As the tax-filing deadline nears, millions of Americans are expected to claim new federal income tax breaks for tips and overtime wages available for the first time under a wide-ranging tax law enacted by President Donald Trump.
However, many individuals may not experience the same deductions at the state level since each state has discretion over whether to align with federal tax modifications. Many states have opted not to conform.
For workers in states that don’t align with federal tax changes, taxes on earnings from tips or overtime will still apply, despite federal deductions being available. The federal tax-filing deadline is approaching this Wednesday, leaving many unsure about their overall tax strategy.
Varied State Tax Regulations
Currently, 41 states tax wages and salaries, requiring individuals to navigate two separate tax forms: the federal form, followed by the state form. This dual process creates a complex web of calculations since most states leverage the figures from federal returns as a foundation for state tax computations.

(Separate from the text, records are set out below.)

(* Let $(F,G)\in\tilde{\mathrm{Z}}_b^2(A)_\ell$ for some integer $\ell<0$, and put $r=-\ell$. For $x\otimes y\in(B\otimes B)_r$ one has $F(x,y)\in A_0=H$. Define $f\colon B\otimes B\to\Bbbk$ by $f|_{(B\otimes B)_r}=\lambda\circ F$ and $f|_{(B\otimes B)_s}=0$ for $s\neq r$. Then: 1. $f$ is an $H$-stable Hochschild $2$-cocycle of $B$ with coefficients in $\Bbbk$ via $\varepsilon$. 2. If $\tilde f\colon A\otimes A\to\Bbbk$ is the induced map $\tilde f(xh,yk)=f(x,h\cdot y)\varepsilon(k)$ for $x,y\in B$ and $h,k\in H$, then $F+\partial^c\tilde f$ vanishes on $(A\otimes A)_r$. Here $\partial^c\tilde f(a,b)=a_1b_1\tilde f(a_2,b_2)-\tilde f(a_1,b_1)a_2b_2$.
   Context: Let $\Bbbk$ be an algebraically closed field of characteristic $0$. Let $H$ be a Hopf algebra over $\Bbbk$ with bijective antipode $\mathcal S$. Let ${}^H_H\mathcal{YD}$ be the braided category of left Yetter–Drinfeld modules over $H$, with coaction written $b\mapsto b_{-1}\otimes b_0$. Let $B=\bigoplus_{n\ge0}B_n$ be a graded connected bialgebra in ${}^H_H\mathcal{YD}$: $B_0=\Bbbk$, and each $B_n$ is a Yetter–Drinfeld submodule. Put $B^+=\bigoplus_{n>0}B_n$. Let $A=B\#H$ be the bosonization (Radford–Majid biproduct). It is graded by $A_n=B_n\# H$, so that $A_0=H$. Let $\pi\colon A\to H$, $b\#h\mapsto\varepsilon(b)h$, be the canonical projection. Write $\Delta(a)=a_1\otimes a_2$ in $A$. Grade $A\otimes A$ and $B\otimes B$ by total degree. Standing assumption: there is a linear map $\lambda\colon H\to\Bbbk$ with $\lambda(1)=1$, $h_1\lambda(h_2)=\lambda(h)1_H$ for all $h\in H$ (a right integral for $H^*$), and $\lambda(h_1k\mathcal S(h_2))=\varepsilon(h)\lambda(k)$ for all $h,k\in H$. Let $\widehat{\mathrm{Z}}_b^2(A)$ be the set of pairs $(f,g)$ of linear maps $f\colon A\otimes A\to A$ and $g\colon A\to A\otimes A$ satisfying the following conditions. - Normalization: $f(1,\cdot)=f(\cdot,1)=0$, $\varepsilon f=0$, $g(1)=0$, and $(\varepsilon\otimes\mathrm{id})g=(\mathrm{id}\otimes\varepsilon)g=0$. - Hochschild cocycle condition: $af(b,c)+f(a,bc)=f(ab,c)+f(a,b)c$. - Coalgebra cocycle condition: $c_1\otimes g(c_2)+(\mathrm{id}\otimes\Delta)g(c)=(\Delta\otimes\mathrm{id})g(c)+g(c_1)\otimes c_2$. - Compatibility: $f(a_1,b_1)\otimes a_2b_2-\Delta f(a,b)+a_1b_1\otimes f(a_2,b_2)=-\Delta(a)g(b)+g(ab)-g(a)\Delta(b)$. Let $\tilde{\mathrm{Z}}_b^2(A)$ be the set of $(f,g)\in\widehat{\mathrm{Z}}_b^2(A)$ that are $H$-bitrivial, i.e. $f|_{A_0\otimes A}=0=f|_{A\otimes A_0}$ and $(\pi\otimes\mathrm{id})g=0=(\mathrm{id}\otimes\pi)g$. The subscript $\ell$ denotes pairs homogeneous of degree $\ell$, i.e. $f((A\otimes A)_p)\subseteq A_{p+\ell}$ and $g(A_p)\subseteq(A\otimes A)_{p+\ell}$ for all $p$. A Hochschild $2$-cocycle of $B$ with coefficients in $\Bbbk$ via $\varepsilon$ is a linear map $\eta\colon B\otimes B\to\Bbbk$ with $\varepsilon(a)\eta(b,c)-\eta(ab,c)+\eta(a,bc)-\eta(a,b)\varepsilon(c)=0$. $H$ acts on such maps by $(h\cdot\eta)(x,y)=\eta(h_1\cdot x,h_2\cdot y)$, and $\eta$ is $H$-stable if $h\cdot\eta=\varepsilon(h)\eta$ for all $h\in H$. *)

From HB Require Import structures.
From mathcomp Require Import all_boot all_order all_algebra.
Set Implicit Arguments. Unset Strict Implicit. Unset Printing Implicit Defensive.
Import GRing.Theory.
Local Open Scope ring_scope.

Some states are exceptions to this rule; for example, no income tax is imposed in Alaska, Florida, and several others. Washington state applies taxes to capital gains but refrains from taxing standard wages.
Most States Exclude Tips and Overtime
Only a handful of states have decided to mirror Trump’s law, extending tax deductions on tips and overtime wages. Currently, the states of Idaho, Iowa, Montana, North Dakota, and Oregon allow these specific deductions. Meanwhile, Colorado offers deductions for tips and auto loans but not for overtime.
Moreover, there are states that automatically incorporate federal tax changes within their income taxes unless actively opted out of by the local government officials, as seen in Colorado’s decision to reject overtime deductions.
Unusual Tax Situations
Arizona presents a unique situation where state income tax forms contain deductions for tips and overtime based on an executive order from Democratic Gov. Katie Hobbs. The state has yet to pass a corresponding legislative act to formally cement these deductions into law. The situation remains in limbo as the legislature has failed to act on these proposals amid partisan disagreements.
Delayed Deductions in Other States
Certain states like Georgia, Indiana, and Michigan have already enacted changes allowing deductions for tips and overtime wages starting from the 2026 tax year, indicating a longer wait for eligible taxpayers currently filing returns for 2025. Conversely, Oregon could potentially revoke some deductions based on legislation currently under consideration by Governor Tina Kotek.
The disarray between federal and state tax policies creates uncertainty for many taxpayers navigating the complexities of the upcoming filing deadlines.